Lemma tangent_coord (C : 'M[R]_(Nd, r)) : tangent X (P *m C) <-> coord_tangent C.
Proof.
rewrite /tangent X_Omega_sel /= !trmx_mul -!mulmxA !(mulmxA P^T) P_orth !mul1mx.
have sel_tr_mulr a b : (C^T *m sel) a b = C (idx b) a.
  by rewrite -[sel in C^T *m sel]trmxK -trmx_mul mxE sel_tr_mul.
have addE (A B : 'M[R]_r) a b : (A + B) a b = A a b + B a b by rewrite mxE.
split => [/matrixP tg a b | tg].
  by have := tg a b; rewrite addE sel_tr_mul sel_tr_mulr mxE.
by apply/matrixP => a b; rewrite addE sel_tr_mul sel_tr_mulr tg mxE.
Qed.

Lemma unit_coord (C : 'M[R]_(Nd, r)) :
  frob_norm (P *m C) = 1 <-> wsq (fun _ _ => 1) C = 1.
Proof.
have sq_ge0 : 0 <= wsq (fun _ _ => 1) C.
  by apply: sumr_ge0 => k _; apply: sumr_ge0 => b _; rewrite mul1r sqr_ge0.
rewrite frob_norm_orth // frob_normE; split => [sqrt1 | ->]; last exact: sqrtr1.
by rewrite -(sqr_sqrtr sq_ge0) sqrt1 expr1n.
Qed.

(* The two sides of lambda_min in eigen-coordinates.  The Hessian values are
   bounded below since every coefficient is at least - sum |hcoef|. *)
Lemma lambda_min_coord_le (C : 'M[R]_(Nd, r)) :
  coord_tangent C -> wsq (fun _ _ => 1) C = 1 -> lambda_min_hess M X <= wsq hcoef C.
Proof.
move=> tg unitC; rewrite -hess_coord.
apply: (@lambda_min_hess_le _ _ _ _ _ (- \sum_k \sum_b `|hcoef k b|)); last first.
  by rewrite tangent_coord unit_coord.
move=> V []; rewrite [V]eigen_coords tangent_coord unit_coord hess_coord => _ unitV.
rewrite -[X in X <= _]mulr1 -unitV wsq_scale; apply: wsq_le_coef => k b; rewrite lerNl.
apply: le_trans (ler_norm _) _; rewrite normrN.
rewrite (bigD1 k) //= (bigD1 b) //= -addrA lerDl.
by rewrite addr_ge0 // !sumr_ge0 // => *; exact: sumr_ge0.
Qed.

Lemma lambda_min_coord_ge c :
  (exists C, coord_tangent C /\ wsq (fun _ _ => 1) C = 1) ->
  (forall C, coord_tangent C -> wsq (fun _ _ => 1) C = 1 -> c <= wsq hcoef C) ->
  c <= lambda_min_hess M X.
Proof.
move=> [C [tg unitC]] c_lb; apply: lambda_min_hess_ge.
  by exists (P *m C); rewrite tangent_coord unit_coord.
move=> V []; rewrite [V]eigen_coords tangent_coord unit_coord hess_coord.
exact: c_lb.
Qed.

End EigenCoordinates.

Section Selections.
Variables (Nd r : nat) (idx : 'I_r -> 'I_Nd).
Hypothesis idx_inj : injective idx.

Lemma sum_selection (R : realType) (G : 'I_Nd -> R) :
  \sum_(k < Nd) G k =
  \sum_(a < r) G (idx a) + \sum_(k < Nd | k \notin (idx @: [set: 'I_r])%SET) G k.
Proof.
rewrite (bigID (mem (idx @: [set: 'I_r])%SET)) /=; congr (_ + _).
rewrite big_imset /=; last by move=> x y _ _; exact: idx_inj.
by apply: eq_bigl => a; rewrite inE.
Qed.

(* Pigeonhole, both ways: the r selected indices lie below r iff they
   exhaust {0, ..., r-1}. *)
Lemma below_onto : (forall b, (idx b < r)%N) ->
  forall k : 'I_Nd, (k < r)%N -> exists b, idx b = k.
Proof.
move=> below k lt_kr; pose f b := Ordinal (below b).
have f_inj : injective f by move=> x y /(congr1 val) /= /ord_inj /idx_inj.
have [g fK gK] := injF_bij f_inj.
by exists (g (Ordinal lt_kr)); apply: val_inj; rewrite /= -[val (idx _)]/(val (f _)) gK.
Qed.

Lemma onto_below : (forall k : 'I_Nd, (k < r)%N -> exists b, idx b = k) ->
  forall b, (idx b < r)%N.
Proof.
move=> onto; have [le_rN|lt_Nr] := leqP r Nd; last by move=> b; apply: ltn_trans lt_Nr.
have [h idx_h] := fin_all_exists (fun k : 'I_r => onto (widen_ord le_rN k) (ltn_ord k)).
have h_inj : injective h by move=> x y /(congr1 idx); rewrite !idx_h => /(congr1 val) /= /ord_inj.
have [h' hK h'K] := injF_bij h_inj.
by move=> b; rewrite -(h'K b) idx_h /=.
Qed.

Lemma selection_inversion : (forall b, (idx b < r)%N) ->
  ~ (forall b : 'I_r, val (idx b) = val b) ->
  exists a b : 'I_r, (a < b)%N /\ (idx b < idx a)%N.
Proof.
move=> below not_id; apply: contrapT => no_inv; apply: not_id => b.
pose f b := Ordinal (below b).
suff : f b = b by move/(congr1 val).
apply: ord_incr_id => x y lt_xy /=; rewrite ltnNge leq_eqVlt negb_or.
apply/andP; split.
  by apply: contraTneq lt_xy => /val_inj /idx_inj ->; rewrite ltnn.
by apply/negP => lt_yx; apply: no_inv; exists x, y.
Qed.

End Selections.

Section SpectralGap.
Variables (R : realType) (Nd r : nat) (lam : 'I_Nd -> R).
Hypothesis lam_noninc : forall i j : 'I_Nd, (i <= j)%N -> lam j <= lam i.

Let gaps := [set d : R | exists s j : 'I_Nd, [/\ (s < j)%N, (j <= r)%N & d = lam s - lam j]].

Lemma gaps_ge0 : lbound gaps 0.
Proof. by move=> _ [s [j [lt_sj _ ->]]]; rewrite subr_ge0 lam_noninc // ltnW. Qed.

Lemma d_min_le (s j : 'I_Nd) : (s < j)%N -> (j <= r)%N -> d_min r lam <= lam s - lam j.
Proof.
by move=> lt_sj le_jr; apply: ge_inf; [exists 0; exact: gaps_ge0 | exists s, j].
Qed.

Lemma d_min_ge0 : (0 < r)%N -> (r < Nd)%N -> 0 <= d_min r lam.
Proof.
move=> r_gt0 lt_rN; have lt_0N : (0 < Nd)%N by apply: leq_ltn_trans lt_rN.
apply: lb_le_inf; last exact: gaps_ge0.
by exists (lam (Ordinal lt_0N) - lam (Ordinal lt_rN)), (Ordinal lt_0N), (Ordinal lt_rN).
Qed.

End SpectralGap.

Lemma weight_ge1 (R : realType) r (b : 'I_r) : 1 <= weight R b.
Proof. by rewrite /weight (_ : 1 = 1%:R) // ler_nat; have := ltn_ord b; lia. Qed.

Lemma weight_gap (R : realType) r (a b : 'I_r) : (a < b)%N -> 1 <= weight R a - weight R b.
Proof.
move=> lt_ab; rewrite lerBrDr (_ : 1 = 1%:R) // -natrD ler_nat.
by have := ltn_ord b; lia.
Qed.

Section CriticalPoints.
Variables (R : realType) (Nd r : nat) (M : 'M[R]_Nd) (lam : 'I_Nd -> R).
Variables (P : 'M[R]_Nd) (idx : 'I_r -> 'I_Nd).
Hypothesis M_sym : M^T = M.
Hypothesis P_orth : P^T *m P = 1%:M.
Hypothesis MP_eig : M *m P = P *m diag_mx (\row_k lam k).
Hypothesis idx_inj : injective idx.
Hypothesis lam_noninc : forall i j : 'I_Nd, (i <= j)%N -> lam j <= lam i.
Hypothesis r_gt0 : (0 < r)%N.
Hypothesis lt_rN : (r < Nd)%N.

Local Notation X := (X_Omega P idx).
Local Notation d := (d_min r lam).
Local Notation hcoef := (hcoef lam idx).
Local Notation weight := (weight R).

Let d_ge0 : 0 <= d := d_min_ge0 lam_noninc r_gt0 lt_rN.
Let lambda_min_le := lambda_min_coord_le M_sym P_orth MP_eig idx_inj.

Lemma hcoef_pair a b :
  hcoef (idx a) b + hcoef (idx b) a = (weight a - weight b) * (lam (idx a) - lam (idx b)).
Proof. by rewrite /hcoef; ring. Qed.

(* Case (1, ..., r): every unit tangent direction has curvature at least d/2.
   Selected entries come in antisymmetric pairs, each gaining a weight gap
   times an eigenvalue gap; unselected entries gain lam_b - lam_k >= d. *)
Lemma in_order_lb : (forall b, val (idx b) = val b) -> (1/2) * d <= lambda_min_hess M X.
Proof.
move=> idx_val; have idx_id b : nat_of_ord (idx b) = b := idx_val b.
apply: (lambda_min_coord_ge M_sym P_orth MP_eig idx_inj).
  exists (delta_mx (Ordinal lt_rN) (Ordinal r_gt0)); split; last exact: wsq_delta.
  move=> a b; rewrite !mxE -!val_eqE /= !idx_id.
  by rewrite !(ltn_eqF (ltn_ord _)) /= addr0.
move=> C tg unitC; rewrite -[X in X <= _]mulr1 -[X in _ * X <= _]unitC wsq_scale.
rewrite /wsq !(sum_selection idx_inj).
apply: lerD.
  apply: sum_pairs_le => a b; have Cba : C (idx b) a = - C (idx a) b.
    by apply/eqP; rewrite -addr_eq0 addrC tg.
  have pair_ge (x y : 'I_r) : (x < y)%N -> d <= hcoef (idx x) y + hcoef (idx y) x.
    move=> lt_xy; rewrite hcoef_pair; apply: ge_mul_ge1 (weight_gap _ lt_xy) d_ge0 _.
    by apply: (d_min_le lam_noninc); rewrite !idx_id // ltnW.
  have half2 : 1/2 * d + 1/2 * d = d by field.
  rewrite Cba sqrrN -mulrDl half2 -mulrDl.
  have [lt_ab|lt_ba|/val_inj eq_ab] := ltngtP a b.
  - by rewrite ler_wpM2r ?sqr_ge0 ?pair_ge.
  - by rewrite ler_wpM2r ?sqr_ge0 // addrC pair_ge.
  - have Caa : C (idx a) a = 0 by have := tg a a; lra.
    by rewrite -eq_ab Caa expr0n /= !mulr0.
apply: ler_sum => k unsel; apply: ler_sum => b _; apply: ler_wpM2r; first exact: sqr_ge0.
have le_rk : (r <= k)%N.
  rewrite leqNgt; apply: contra unsel => lt_kr; apply/imsetP.
  by exists (Ordinal lt_kr); rewrite ?in_setT //; apply: ord_inj; rewrite idx_id.
have d_le : d <= lam (idx b) - lam k.
  apply: le_trans (d_min_le lam_noninc (s := idx b) (j := Ordinal lt_rN) _ _) _ => //=.
    by rewrite idx_id.
  by rewrite lerD2l lerN2 lam_noninc.
have := ge_mul_ge1 (weight_ge1 R b) d_ge0 d_le; have := d_ge0; rewrite /hcoef; lra.
Qed.

(* Case of a wrong order on {1, ..., r}: an inversion a < b, idx b < idx a,
   is a direction of curvature at most -d/2, namely the normalised
   antisymmetric pair e_(idx a) e_b^T - e_(idx b) e_a^T. *)
Lemma permuted_ub : idx @` setT = [set i : 'I_Nd | (i < r)%N] ->
  ~ (forall b : 'I_r, val (idx b) = val b) -> lambda_min_hess M X <= - ((1/2) * d).
Proof.
move=> onto not_id; have below b : (idx b < r)%N.
  by have : [set i : 'I_Nd | (i < r)%N] (idx b) by rewrite -onto; exists b.
have [a [b [lt_ab lt_ba]]] := selection_inversion idx_inj below not_id.
have ne_ba : b != a by rewrite neq_ltn lt_ab orbT.
pose t : R := Num.sqrt (1/2).
have t2 : t ^+ 2 = 1/2 by rewrite sqr_sqrtr // divr_ge0.
pose C := t *: (delta_mx (idx a) b - delta_mx (idx b) a).
apply: (le_trans (lambda_min_le (C := C) _ _)).
- move=> x y; rewrite !mxE !(inj_eq idx_inj).
  by rewrite [(y == a) && _]andbC [(y == b) && _]andbC; ring.
- by rewrite wsq_delta2 // t2; field.
rewrite wsq_delta2 // t2 hcoef_pair.
have gap : d <= (weight a - weight b) * (lam (idx b) - lam (idx a)).
  apply: ge_mul_ge1 (weight_gap _ lt_ab) d_ge0 _.
  by apply: (d_min_le lam_noninc) => //; exact: ltnW.
have := d_ge0; nra.
Qed.

(* Case of a selection missing some k0 <= r: it then contains some idx b0 > r,
   and moving column b0 to the eigenvector x_k0 has curvature at most -d. *)
Lemma unselected_ub : idx @` setT <> [set i : 'I_Nd | (i < r)%N] ->
  lambda_min_hess M X <= - d.
Proof.
move=> not_onto.
have [b0 le_rb0] : exists b0, (r <= idx b0)%N.
  apply: contrapT => none; apply: not_onto.
  have below b : (idx b < r)%N by rewrite ltnNge; apply/negP => le_rb; apply: none; exists b.
  apply/seteqP; split => [_ [b _ <-] | k /= lt_kr]; first exact: below.
  by have [b <-] := below_onto idx_inj below lt_kr; exists b.
have [k0 [lt_k0r k0_out]] : exists k0 : 'I_Nd, (k0 < r)%N /\ forall a, idx a != k0.
  apply: contrapT => none.
  suff: (idx b0 < r)%N by rewrite ltnNge le_rb0.
  have onto (k : 'I_Nd) : (k < r)%N -> exists b, idx b = k.
    move=> lt_kr; apply: contrapT => miss; apply: none.
    by exists k; split => // a; apply/eqP => eq_ak; apply: miss; exists a.
  exact: onto_below onto b0.
apply: (le_trans (lambda_min_le (C := delta_mx k0 b0) _ _)).
- by move=> x y; rewrite !mxE (negbTE (k0_out x)) (negbTE (k0_out y)) /= addr0.
- exact: wsq_delta.
rewrite wsq_delta /hcoef.
have gap : d <= lam k0 - lam (idx b0).
  apply: le_trans (d_min_le lam_noninc (s := k0) (j := Ordinal lt_rN) _ _) _ => //.
  by rewrite lerD2l lerN2 lam_noninc.
have := ge_mul_ge1 (weight_ge1 R b0) d_ge0 gap; lra.
Qed.

End CriticalPoints.

Unset Implicit Arguments.

Theorem mainTheorem4 (R : realType) (Nd r : nat)
  (M : 'M[R]_Nd) (lam : 'I_Nd -> R) (P : 'M[R]_Nd) (idx : 'I_r -> 'I_Nd) :
  (0 < r)%N -> (r < Nd)%N ->
  M^T = M ->
  (* orthonormal eigenvectors x_1..x_N (columns of P) with M x_k = lam_k x_k *)
  P^T *m P = 1%:M ->
  M *m P = P *m diag_mx (\row_k lam k) ->
  (* lam_1 > ... > lam_r > lam_{r+1} >= ... >= lam_N *)
  (forall i j : 'I_Nd, (i < j)%N -> (i < r)%N -> lam j < lam i) ->
  (forall i j : 'I_Nd, (i <= j)%N -> lam j <= lam i) ->
  (* i_1, ..., i_r distinct *)
  injective idx ->
  [/\ ((forall b : 'I_r, val (idx b) = val b) ->
         lambda_min_hess M (X_Omega P idx) >= (1/2) * d_min r lam),
      (idx @` setT = [set i : 'I_Nd | (i < r)%N] ->
       ~ (forall b : 'I_r, val (idx b) = val b) ->
         lambda_min_hess M (X_Omega P idx) <= - ((1/2) * d_min r lam))
    & (idx @` setT <> [set i : 'I_Nd | (i < r)%N] ->
         lambda_min_hess M (X_Omega P idx) <= - d_min r lam)].
Proof.
move=> r_gt0 lt_rN M_sym P_orth MP_eig _ lam_noninc idx_inj; split.
- by apply: in_order_lb.
- by apply: permuted_ub.
- by apply: unselected_ub.
Qed.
──────
* _Aim of the task_:
Which of the lines in the listing above include "curvature"? Report each of them.

* _Result of the exercise_:
(* Case (1, ..., r): every unit tangent direction has curvature at least d/2.
   is a direction of curvature at most -d/2, namely the normalised
   and moving column b0 to the eigenvector x_k0 has curvature at most -d. *)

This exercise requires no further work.